On Tue, May 19, 2009 at 11:57 AM, Joe Gross <[email protected]> wrote:

> Hello,
>
> I've been trying off and on for a month to try to get the prefetcher to
> work. I've opted to take option 3 and 1 both to try to get it to work.
> After commenting out the assertion it does still work, but I often get
> segfaults, access violations or data errors in the benchmarks being run.
> I've tried this with PhysicalMemory and my own DRAM simulator and have
> seen the same result.
> e.g. from bzip2:
> Compressed data 726677 bytes in length
> Uncompressing Data
>
> (null): Data integrity error when decompressing.
>
> I've seen the same result with these three configurations.
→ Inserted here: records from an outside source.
Lemma ffun_cons_bij k : bijective (@ffun_cons k).
Proof.
exists (fun f : {ffun 'I_k.+1 -> 'I_T} => (f ord0, [ffun j => f (lift ord0 j)])).
  case=> a f; rewrite /ffun_cons /= ffunE unlift_none; congr pair.
  by apply/ffunP => j; rewrite !ffunE liftK.
move=> f; apply/ffunP => i; rewrite ffunE.
by case: unliftP => [j ->|->] /=; rewrite ?ffunE.
Qed.

Lemma sum_ffun_seqs (V : zmodType) k (h : seq 'I_T -> V) :
  \sum_(tau : {ffun 'I_k -> 'I_T}) h [seq tau i | i <- enum 'I_k] = sum_seqs k h.
Proof.
elim: k h => [|k IH] h /=.
  by rewrite enum_ord0 /= sumr_const card_ffun !card_ord.
rewrite (reindex (@ffun_cons k)) /=; last exact/onW_bij/ffun_cons_bij.
rewrite -(pair_big xpredT xpredT
  (fun a f => h [seq ffun_cons (a, f) i | i <- enum 'I_k.+1])) /=.
apply: eq_bigr => a _; rewrite -IH; apply: eq_bigr => f _.
rewrite enum_ordSl /= ffunE unlift_none -map_comp; congr (h (_ :: _)).
by apply: eq_map => j /=; rewrite ffunE liftK.
Qed.

Definition mean_seqs (R : fieldType) n (h : seq 'I_T -> R) : R :=
  T%:R ^- n * sum_seqs n h.

Lemma eq_mean_seqs (R : fieldType) n (f g : seq 'I_T -> R) :
  f =1 g -> mean_seqs n f = mean_seqs n g.
Proof. by move=> fg; rewrite /mean_seqs (eq_sum_seqs _ fg). Qed.

Lemma mean_seqsS (R : fieldType) n (h : seq 'I_T -> R) :
  mean_seqs n.+1 h = T%:R^-1 * \sum_(a < T) mean_seqs n (fun s => h (a :: s)).
Proof. by rewrite /mean_seqs -mulr_sumr mulrA -invfM -exprS. Qed.

Lemma mean_seqsSr (R : fieldType) n (h : seq 'I_T -> R) :
  mean_seqs n.+1 h = mean_seqs n (fun s => T%:R^-1 * \sum_(a < T) h (rcons s a)).
Proof. by rewrite /mean_seqs sum_seqsSr sum_seqsZ exprSr invfM mulrA. Qed.

Lemma mean_seqsB (R : fieldType) n (f g : seq 'I_T -> R) :
  mean_seqs n (fun s => f s - g s) = mean_seqs n f - mean_seqs n g.
Proof. by rewrite /mean_seqs sum_seqsB mulrBr. Qed.

Lemma ler_mean_seqs (R : numFieldType) n (f g : seq 'I_T -> R) :
  (forall s, f s <= g s) -> mean_seqs n f <= mean_seqs n g.
Proof. by move=> fg; rewrite ler_wpM2l ?ler_sum_seqs // invr_ge0 exprn_ge0. Qed.

Lemma mean_seqs_ge0 (R : numFieldType) n (f : seq 'I_T -> R) :
  (forall s, 0 <= f s) -> 0 <= mean_seqs n f.
Proof. by move=> f_ge0; rewrite mulr_ge0 ?sum_seqs_ge0 // invr_ge0 exprn_ge0. Qed.

End SumSeqs.

Lemma mxtrace_pid_mx (R : pzRingType) n r :
  (r <= n)%N -> \tr (pid_mx r : 'M[R]_n) = r%:R.
Proof.
move=> le_rn; rewrite /mxtrace (eq_bigr (fun i : 'I_n => (i < r)%N%:R)); last first.
  by move=> i _; rewrite mxE eqxx.
rewrite -(big_mkord xpredT (fun i => (i < r)%N%:R)) (big_cat_nat (leq0n r) le_rn) /=.
rewrite [X in _ + X]big_nat_cond [X in _ + X]big1 ?addr0; last first.
  by move=> i /andP[/andP[/leq_gtF -> _] _].
rewrite big_nat_cond (eq_bigr (fun _ => 1)); last by move=> i /andP[/andP[_ ->]].
by rewrite -big_nat_cond sumr_const_nat subn0.
Qed.

Lemma mxtrace_idempotent (R : fieldType) n (P : 'M[R]_n) :
  P *m P = P -> \tr P = (\rank P)%:R.
Proof.
move=> PP; set L := col_ebase P; set U := row_ebase P; set r := \rank P.
have P_LU : L *m pid_mx r *m U = P by apply: mulmx_ebase.
have L_unit : L \in unitmx by apply: col_ebase_unit.
have U_unit : U \in unitmx by apply: row_ebase_unit.
have le_rn : (r <= n)%N by apply: rank_leq_row.
have pid_ULpid : pid_mx r *m (U *m L) *m pid_mx r = pid_mx r :> 'M[R]_n.
  have : L *m (pid_mx r *m (U *m L) *m pid_mx r) *m U = L *m pid_mx r *m U.
    by rewrite [RHS]P_LU -PP -P_LU !mulmxA.
  move/(congr1 (mulmx^~ (invmx U))); rewrite -!mulmxA !mulmxV // !mulmx1.
  by move/(congr1 (mulmx (invmx L))); rewrite !mulmxA !mulVmx // !mul1mx.
rewrite -P_LU -mulmxA mxtrace_mulC -mulmxA -{1}(pid_mx_id _ _ _ le_rn).
by rewrite -mulmxA mxtrace_mulC pid_ULpid mxtrace_pid_mx.
Qed.

Lemma cauchy_schwarz (R : realDomainType) n (a x : 'I_n -> R) :
  (\sum_j a j * x j) ^+ 2 <= (\sum_j a j ^+ 2) * (\sum_j x j ^+ 2).
Proof.
set A := \sum_j a j ^+ 2; set X := \sum_j x j ^+ 2; set C := \sum_j a j * x j.
have lagrange : \sum_j \sum_l (a j * x l - a l * x j) ^+ 2 = 2 * (A * X) - 2 * C ^+ 2.
  transitivity (\sum_j (a j ^+ 2 * X + x j ^+ 2 * A - 2 * (a j * x j) * C)).
    apply: eq_bigr => j _; rewrite /X /A /C !mulr_sumr -big_split -sumrB /=.
    by apply: eq_bigr => l _; ring.
  by rewrite sumrB big_split /= -!mulr_suml -/A -/X -/C -mulr_sumr -/C; ring.
have : 0 <= \sum_j \sum_l (a j * x l - a l * x j) ^+ 2.
  by apply: sumr_ge0 => j _; apply: sumr_ge0 => l _; apply: sqr_ge0.
rewrite lagrange; lra.
Qed.

Definition frobenius_sq (R : pzRingType) n (A : 'M[R]_n) : R := \tr (A^T *m A).

Lemma frobenius_sqE (R : pzRingType) n (A : 'M[R]_n) :
  frobenius_sq A = \sum_i \sum_j A i j ^+ 2.
Proof.
rewrite /frobenius_sq /mxtrace exchange_big; apply: eq_bigr => j _.
by rewrite mxE; apply: eq_bigr => i _; rewrite mxE expr2.
Qed.

Lemma frobenius_sq_ge0 (R : realDomainType) n (A : 'M[R]_n) : 0 <= frobenius_sq A.
Proof.
by rewrite frobenius_sqE; apply: sumr_ge0 => i _; apply: sumr_ge0 => j _; apply: sqr_ge0.
Qed.

Lemma frobenius_sq_tr (R : comPzRingType) n (A : 'M[R]_n) :
  frobenius_sq A^T = frobenius_sq A.
Proof. by rewrite /frobenius_sq trmxK mxtrace_mulC. Qed.

Section OrthProj.
Variables (R : realType) (d : nat).

Lemma orth_proj_compl (P : 'M[R]_d) : orth_proj P -> orth_proj (1%:M - P).
Proof.
case=> PT PP; split; first by rewrite linearB /= trmx1 PT.
by rewrite mulmxBl mul1mx mulmxBr mulmx1 PP subrr subr0.
Qed.

Lemma frobenius_sq_projl (P B : 'M[R]_d) : orth_proj P ->
  frobenius_sq (P *m B) = \tr (B^T *m P *m B).
Proof. by case=> PT PP; rewrite /frobenius_sq trmx_mul PT mulmxA -(mulmxA _ P P) PP. Qed.

Lemma frobenius_sq_pythagoras (P B : 'M[R]_d) : orth_proj P ->
  frobenius_sq B = frobenius_sq (P *m B) + frobenius_sq ((1%:M - P) *m B).
Proof.
move=> hP; rewrite !frobenius_sq_projl //; last exact: orth_proj_compl.
by rewrite mulmxBr mulmx1 mulmxBl -mxtraceD addrC subrK.
Qed.

Lemma frobenius_sq_mulr_proj (P B : 'M[R]_d) : orth_proj P ->
  frobenius_sq (B *m P) <= frobenius_sq B.
Proof.
move=> hP; have [PT _] := hP.
rewrite -frobenius_sq_tr -[frobenius_sq B]frobenius_sq_tr trmx_mul PT.
rewrite (frobenius_sq_pythagoras B^T hP) lerDl; exact: frobenius_sq_ge0.
Qed.

Lemma frobenius_sq_proj (P : 'M[R]_d) : orth_proj P -> frobenius_sq P = (\rank P)%:R.
Proof. by case=> PT PP; rewrite /frobenius_sq PT PP mxtrace_idempotent. Qed.

End OrthProj.

Section Norms.
Variables (R : realType) (d : nat).

Lemma vnorm_mulmx_le (A : 'M[R]_d) (x : 'cV[R]_d) :
  vnorm x <= 1 -> vnorm (A *m x) <= Num.sqrt (frobenius_sq A).
Proof.
move=> x_le1; have x2_le1 : \sum_j x j 0 ^+ 2 <= 1.
  by rewrite -(ler_sqrt _ ler01) ?sqrtr1 //; apply: sumr_ge0 => j _; apply: sqr_ge0.
rewrite /vnorm ler_sqrt ?frobenius_sq_ge0 // frobenius_sqE; apply: ler_sum => i _.
rewrite mxE; apply: le_trans (cauchy_schwarz (A i) (x^~ 0)) _.
by rewrite -[leRHS]mulr1 ler_wpM2l // sumr_ge0 // => j _; apply: sqr_ge0.
Qed.

Local Open Scope classical_set_scope.

Lemma specnorm_sqr_le (A : 'M[R]_d) : specnorm A ^+ 2 <= frobenius_sq A.
Proof.
set E := [set vnorm (A *m x) | x in [set x : 'cV[R]_d | vnorm x <= 1]].
have vnorm0 : vnorm (0 : 'cV[R]_d) = 0.
  by rewrite /vnorm big1 ?sqrtr0 // => i _; rewrite mxE expr0n.
have E0 : E 0 by exists 0; rewrite /= ?mulmx0 vnorm0.
have E_ub : ubound E (Num.sqrt (frobenius_sq A)).
  by move=> _ [x x_le1 <-]; apply: vnorm_mulmx_le.
have sup_ge0 : 0 <= specnorm A.
  by apply: sup_upper_bound => //; split; [exists 0 | exists (Num.sqrt (frobenius_sq A))].
have sup_le : specnorm A <= Num.sqrt (frobenius_sq A) by apply: ge_sup => //; exists 0.
by rewrite -[leRHS](sqr_sqrtr (frobenius_sq_ge0 A)) !expr2 ler_pM.
Qed.

End Norms.

Lemma nonincreasing_mul_le_sum (R : numDomainType) (u : nat -> R) k :
  (forall n, u n.+1 <= u n) -> k%:R * u k <= \sum_(1 <= n < k.+1) u n.
Proof.
move=> u_noninc; elim: k => [|k IH]; first by rewrite mul0r big_geq.
rewrite big_nat_recr //= -[k.+1]addn1 natrD mulrDl mul1r lerD2r addn1.
by apply: le_trans _ IH; rewrite ler_wpM2l.
Qed.
(* Every T-stationary point $(\bar x,\bar y)$ of the relaxation (R), regarded as an MPOC, is degenerate, i.e. at least one of the nondegeneracy conditions ND1–ND4 fails at $(\bar x,\bar y)$.
   Context: Let $f\in C^2(\mathbb{R}^n,\mathbb{R})$ and $s\in\{0,1,\dots,n-1\}$. Relaxation (R): minimize $f(x)$ over $(x,y)\in\mathbb{R}^{2n}$ s.t. $\sum_{i=1}^n y_i\ge n-s$, $y_i\le 1$, $x_iy_i=0$, $y_i\ge0$, $i=1,\dots,n$. This is an MPOC (in variables $z=(x,y)$) with no equality constraints, inequality constraints $g_0(z)=\sum_i y_i-(n-s)\ge0$ and $g_i(z)=1-y_i\ge0$, and orthogonality type constraints $F_{1,i}(z)F_{2,i}(z)=0$, $F_{2,i}(z)\ge0$ with $F_{1,i}(z)=x_i$, $F_{2,i}(z)=y_i$, $i=1,\dots,n$. General MPOC definitions (for $\min f$ s.t. $h_i=0$, $g_j\ge0$, $F_{1,m}F_{2,m}=0$, $F_{2,m}\ge0$): at a feasible $\bar z$, $J_0=\{j\mid g_j(\bar z)=0\}$, $a_{00}=\{m\mid F_{1,m}(\bar z)=0=F_{2,m}(\bar z)\}$, $a_{01}=\{m\mid F_{1,m}(\bar z)=0,F_{2,m}(\bar z)>0\}$, $a_{10}=\{m\mid F_{1,m}(\bar z)\ne0,F_{2,m}(\bar z)=0\}$. LICQ: $Dh_i$, $Dg_j$ ($j\in J_0$), $DF_{1,m}$ ($m\in a_{01}\cup a_{00}$), $DF_{2,m}$ ($m\in a_{10}\cup a_{00}$) at $\bar z$ linearly independent. T-stationary: there exist multipliers $\bar\lambda_i,\bar\mu_j$ ($j\in J_0$), $\bar\sigma_{1,m}$ ($a_{01}$), $\bar\sigma_{2,m}$ ($a_{10}$), $\bar\varrho_{1,m},\bar\varrho_{2,m}$ ($a_{00}$) with $Df=\sum\bar\lambda_iDh_i+\sum_{J_0}\bar\mu_jDg_j+\sum_{a_{01}}\bar\sigma_{1,m}DF_{1,m}+\sum_{a_{10}}\bar\sigma_{2,m}DF_{2,m}+\sum_{a_{00}}(\bar\varrho_{1,m}DF_{1,m}+\bar\varrho_{2,m}DF_{2,m})$ at $\bar z$, $\bar\mu_j\ge0$, and $\bar\varrho_{1,m}=0$ or $\bar\varrho_{2,m}\le0$ for $m\in a_{00}$. Lagrangian $L=f-\sum\bar\lambda_ih_i-\sum_{J_0}\bar\mu_jg_j-\sum_{a_{01}}\bar\sigma_{1,m}F_{1,m}-\sum_{a_{10}}\bar\sigma_{2,m}F_{2,m}-\sum_{a_{00}}(\bar\varrho_{1,m}F_{1,m}+\bar\varrho_{2,m}F_{2,m})$; tangent space $T=\{\xi\mid Dh_i(\bar z)\xi=0,\ Dg_j(\bar z)\xi=0\ (j\in J_0),\ DF_{1,m}(\bar z)\xi=0\ (m\in a_{01}\cup a_{00}),\ DF_{2,m}(\bar z)\xi=0\ (m\in a_{10}\cup a_{00})\}$. Nondegeneracy of a T-stationary point: ND1 LICQ holds; ND2 $\bar\mu_j>0$ for all $j\in J_0$; ND3 $\bar\varrho_{1,m}\ne0$ and $\bar\varrho_{2,m}<0$ for all $m\in a_{00}$; ND4 $D^2L(\bar z)$ restricted to $T$ is nonsingular. A T-stationary point is degenerate if it is not nondegenerate. *)

From HB Require Import structures.
From mathcomp Require Import all_boot all_order all_algebra.
From mathcomp Require Import all_classical all_reals all_analysis.
Set Implicit Arguments. Unset Strict Implicit. Unset Printing Implicit Defensive.
Import Order.TTheory GRing.Theory Num.Theory.
Import numFieldNormedType.Exports.
Local Open Scope ring_scope.

Section MPOC.
Variable R : realType.

Definition evec (N : nat) (j : 'I_N) : 'rV[R]_N := delta_mx 0 j.

Definition partial (N : nat) (j : 'I_N) (phi : 'rV[R]_N -> R) (z : 'rV[R]_N) : R :=
  derive phi z (evec j).

Definition grad (N : nat) (phi : 'rV[R]_N -> R) (z : 'rV[R]_N) : 'rV[R]_N :=
  \row_j partial j phi z.
Definition hess (N : nat) (phi : 'rV[R]_N -> R) (z : 'rV[R]_N) : 'M[R]_N :=
  \matrix_(i, j) partial j (partial i phi) z.

Definition dotv (N : nat) (u v : 'rV[R]_N) : R := \sum_k u 0 k * v 0 k.

Definition C2 (N : nat) (phi : 'rV[R]_N -> R) : Prop :=
  continuous phi /\
  (forall (i : 'I_N) z, derivable phi z (evec i)) /\
  (forall i : 'I_N, continuous (partial i phi)) /\
  (forall (i j : 'I_N) z, derivable (partial i phi) z (evec j)) /\
  (forall i j : 'I_N, continuous (partial j (partial i phi))).

(** A general MPOC on R^N:  min obj  s.t. h_i = 0 (i<p), g_j >= 0 (j<q),
    F1_m * F2_m = 0, F2_m >= 0 (m<k). *)
Record mpoc (N : nat) := MPOC {
  np : nat; nq : nat; nk : nat;
  obj : 'rV[R]_N -> R;
  hc : 'I_np -> 'rV[R]_N -> R;
  gc : 'I_nq -> 'rV[R]_N -> R;
  F1 : 'I_nk -> 'rV[R]_N -> R;
  F2 : 'I_nk -> 'rV[R]_N -> R }.
Arguments np {N} m.
Arguments nq {N} m.
Arguments nk {N} m.
Arguments obj {N} m _.
Arguments hc {N} m _ _.
Arguments gc {N} m _ _.
Arguments F1 {N} m _ _.
Arguments F2 {N} m _ _.

Variable N : nat.
Variable P : mpoc N.

Definition feasible (z : 'rV[R]_N) : Prop :=
  (forall i, hc P i z = 0) /\ (forall j, 0 <= gc P j z) /\
  (forall m, F1 P m z * F2 P m z = 0 /\ 0 <= F2 P m z).

Definition J0 (z : 'rV[R]_N) (j : 'I_(nq P)) : bool := gc P j z == 0.
Definition a00 (z : 'rV[R]_N) (m : 'I_(nk P)) : bool :=
  (F1 P m z == 0) && (F2 P m z == 0).
Definition a01 (z : 'rV[R]_N) (m : 'I_(nk P)) : bool :=
  (F1 P m z == 0) && (0 < F2 P m z).
Definition a10 (z : 'rV[R]_N) (m : 'I_(nk P)) : bool :=
  (F1 P m z != 0) && (F2 P m z == 0).

Definition LICQ (z : 'rV[R]_N) : Prop :=
  forall (a : 'I_(np P) -> R) (b : 'I_(nq P) -> R) (c d : 'I_(nk P) -> R),
    \sum_i a i *: grad (hc P i) z
    + \sum_(j | J0 z j) b j *: grad (gc P j) z
    + \sum_(m | a01 z m || a00 z m) c m *: grad (F1 P m) z
    + \sum_(m | a10 z m || a00 z m) d m *: grad (F2 P m) z = 0 ->
    (forall i, a i = 0) /\ (forall j, J0 z j -> b j = 0) /\
    (forall m, a01 z m || a00 z m -> c m = 0) /\
    (forall m, a10 z m || a00 z m -> d m = 0).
> test_sys.l2 = L2Cache(size='1MB', assoc=16, latency="7ns", mshrs=32,
> prefetch_policy='ghb', prefetch_degree=3, prefetcher_size=256,
> tgts_per_mshr=24, prefetch_cache_check_push=False)
> test_sys.l2 = L2Cache(size='1MB', assoc=16, latency="7ns", mshrs=32,
> prefetch_policy='stride', prefetch_degree=2, prefetcher_size=64,
> prefetch_cache_check_push=False)
> test_sys.l2 = L2Cache(size='1MB', assoc=16, latency="7ns", mshrs=32,
> prefetch_policy='ghb', prefetch_degree=2, prefetcher_size=16)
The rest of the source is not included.